Lemma psi_monoidN m : psi_monoid m -> psi_monoid (- m).
Proof.
elim=> [|x s {}m hp_x psi_s _ IHm]; first by rewrite oppr0; exact: psi_monoid0.
by rewrite opprD; apply: psi_monoidD IHm; exact: psi_monoid_opp_gen hp_x psi_s.
Qed.

Local Notation Apsibar := (Apsibar a lam hp hpp).

Lemma Apsibar_supp f m : Apsibar f -> m \in msupp f -> psi_monoid m.
Proof.
move=> Ap_f; elim: Ap_f m => {f}.
- by move=> m; rewrite msuppU oner_eq0 inE => /eqP->; exact: psi_monoid0.
- move=> x s hp_x m; rewrite /psibar1 msuppZ msuppU oner_eq0.
  case: eqP => [_|/eqP psi_s]; rewrite inE // => /eqP->.
  exact: psi_monoid_gen hp_x psi_s.
- move=> x _ m; rewrite /psibar2 msuppZ msuppU oner_eq0.
  by case: eqP; rewrite inE // => _ /eqP->; exact: psi_monoid0.
- move=> f g _ IHf _ IHg m /(fsubsetP (msuppD_le f g)); rewrite inE.
  by case/orP; [exact: IHf | exact: IHg].
- by move=> c f _ IHf m /(fsubsetP (msuppZ_le c f)); exact: IHf.
- move=> f g _ IHf _ IHg m /msupp_lmul[k f_k [l g_l ->]].
  exact: psi_monoidD (IHf k f_k) (IHg l g_l).
Qed.

Lemma psi20 : psi2 lam 0 = 0.
Proof. by rewrite /psi2 big1 // => I _; rewrite linear0. Qed.

Variable W : L -> Prop.
Hypothesis HW : htsubmodule a lam hp hpp W.

Lemma submodule_lmul x s f : x \in hp -> W f -> W (lmul (psibar1 a lam x s) f).
Proof.
case: HW => _ _ _ _ W_act hp_x W_f.
have := W_act [:: (x, s)] 0 (fun _ => 0) f _ (mem0v _) W_f; rewrite /= hp_x => /(_ isT).
rewrite /htact big_seq1 psi20 scale0r addr0 big1 ?addr0 // => j _.
by rewrite scale0r.
Qed.

Lemma submodule_dop j f : W f -> W (dop j f).
Proof.
case: HW => _ _ _ _ W_act W_f.
have := W_act [::] 0 (fun i => (i == j)%:R) f isT (mem0v _) W_f.
rewrite /htact big_nil add0r psi20 scale0r add0r (bigD1 j) //= eqxx scale1r.
by rewrite big1 ?addr0 // => i /negbTE->; rewrite scale0r.
Qed.

Lemma submodule_monomial_rescale (c d : R[i]) k :
  c != 0 -> W << c *g k >> -> W << d *g k >>.
Proof.
case: HW => _ _ _ W_scale _ c_nz /(W_scale (d / c)).
by rewrite monalgUZ divfK.
Qed.

Lemma submodule_monomial_shift m (c : R[i]) k : psi_monoid m -> c != 0 ->
  W << c *g k >> -> forall d, W << d *g (m + k) >>.
Proof.
move=> psi_m c_nz W_ck; elim: psi_m => [|x s {}m hp_x psi_s _ IHm] d.
  by rewrite add0r; exact: submodule_monomial_rescale W_ck.
have := submodule_lmul s hp_x (IHm 1).
rewrite /psibar1 monalgUZ mulr1 lmulUU mulr1 addrA.
exact: submodule_monomial_rescale.
Qed.

Lemma submodule_monomial f :
  W f -> f != 0 -> exists (c : R[i]) (k : Z_n), c != 0 /\ W << c *g k >>.
Proof.
have [_ _ W_add W_scale _] := HW.
have [d] := ubnP #|` msupp f|; elim: d f => // d IHd f lt_f_d W_f f_nz.
have /fset0Pn[k f_k] : msupp f != fset0 by rewrite laurent_msupp_eq0.
have [/monalg_supp1 f_k1 | /fsubsetPn[k' f_k' k'_k]] :=
  boolP (msupp f `<=` [fset k])%fset.
  by exists f@_k, k; rewrite -f_k1 mcoeff_neq0.
have /existsP[j k'_j] : [exists j, k' ord0 j != k ord0 j].
  apply: contraR k'_k => /existsPn same; rewrite inE; apply/eqP/rowP => j.
  by apply/eqP; rewrite -[_ == _]negbK same.
pose g := dop j f - (k ord0 j)%:~R *: f.
have supp_g : msupp g = [fset m in msupp f | m ord0 j != k ord0 j]%fset.
  exact: msupp_dop_shift.
apply: (IHd g).
- have sub_g : (msupp g `<=` msupp f `\ k)%fset.
    apply/fsubsetP => m; rewrite supp_g !inE /= => /andP[f_m m_j].
    by rewrite f_m andbT; apply: contraNneq m_j => ->.
  apply: leq_ltn_trans (fsubset_leq_card sub_g) _.
  by move: lt_f_d; rewrite (cardfsD1 k) f_k add1n ltnS.
- by apply: W_add; [exact: submodule_dop | rewrite -scaleNr; exact: W_scale].
- apply/negP => /eqP g0; move: supp_g; rewrite g0 msupp0 => /fsetP/(_ k').
  by rewrite !inE f_k' k'_j.
Qed.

| YOUR TASK |
From the line that holds "by exists f@_k, k;" to the last line of the records above, print each line exactly. Add nothing else.

| ANSWER BOX |
  by exists f@_k, k; rewrite -f_k1 mcoeff_neq0.
have /existsP[j k'_j] : [exists j, k' ord0 j != k ord0 j].
  apply: contraR k'_k => /existsPn same; rewrite inE; apply/eqP/rowP => j.
  by apply/eqP; rewrite -[_ == _]negbK same.
pose g := dop j f - (k ord0 j)%:~R *: f.
have supp_g : msupp g = [fset m in msupp f | m ord0 j != k ord0 j]%fset.
  exact: msupp_dop_shift.
apply: (IHd g).
- have sub_g : (msupp g `<=` msupp f `\ k)%fset.
    apply/fsubsetP => m; rewrite supp_g !inE /= => /andP[f_m m_j].
    by rewrite f_m andbT; apply: contraNneq m_j => ->.
  apply: leq_ltn_trans (fsubset_leq_card sub_g) _.
  by move: lt_f_d; rewrite (cardfsD1 k) f_k add1n ltnS.
- by apply: W_add; [exact: submodule_dop | rewrite -scaleNr; exact: W_scale].
- apply/negP => /eqP g0; move: supp_g; rewrite g0 msupp0 => /fsetP/(_ k').
  by rewrite !inE f_k' k'_j.
Qed.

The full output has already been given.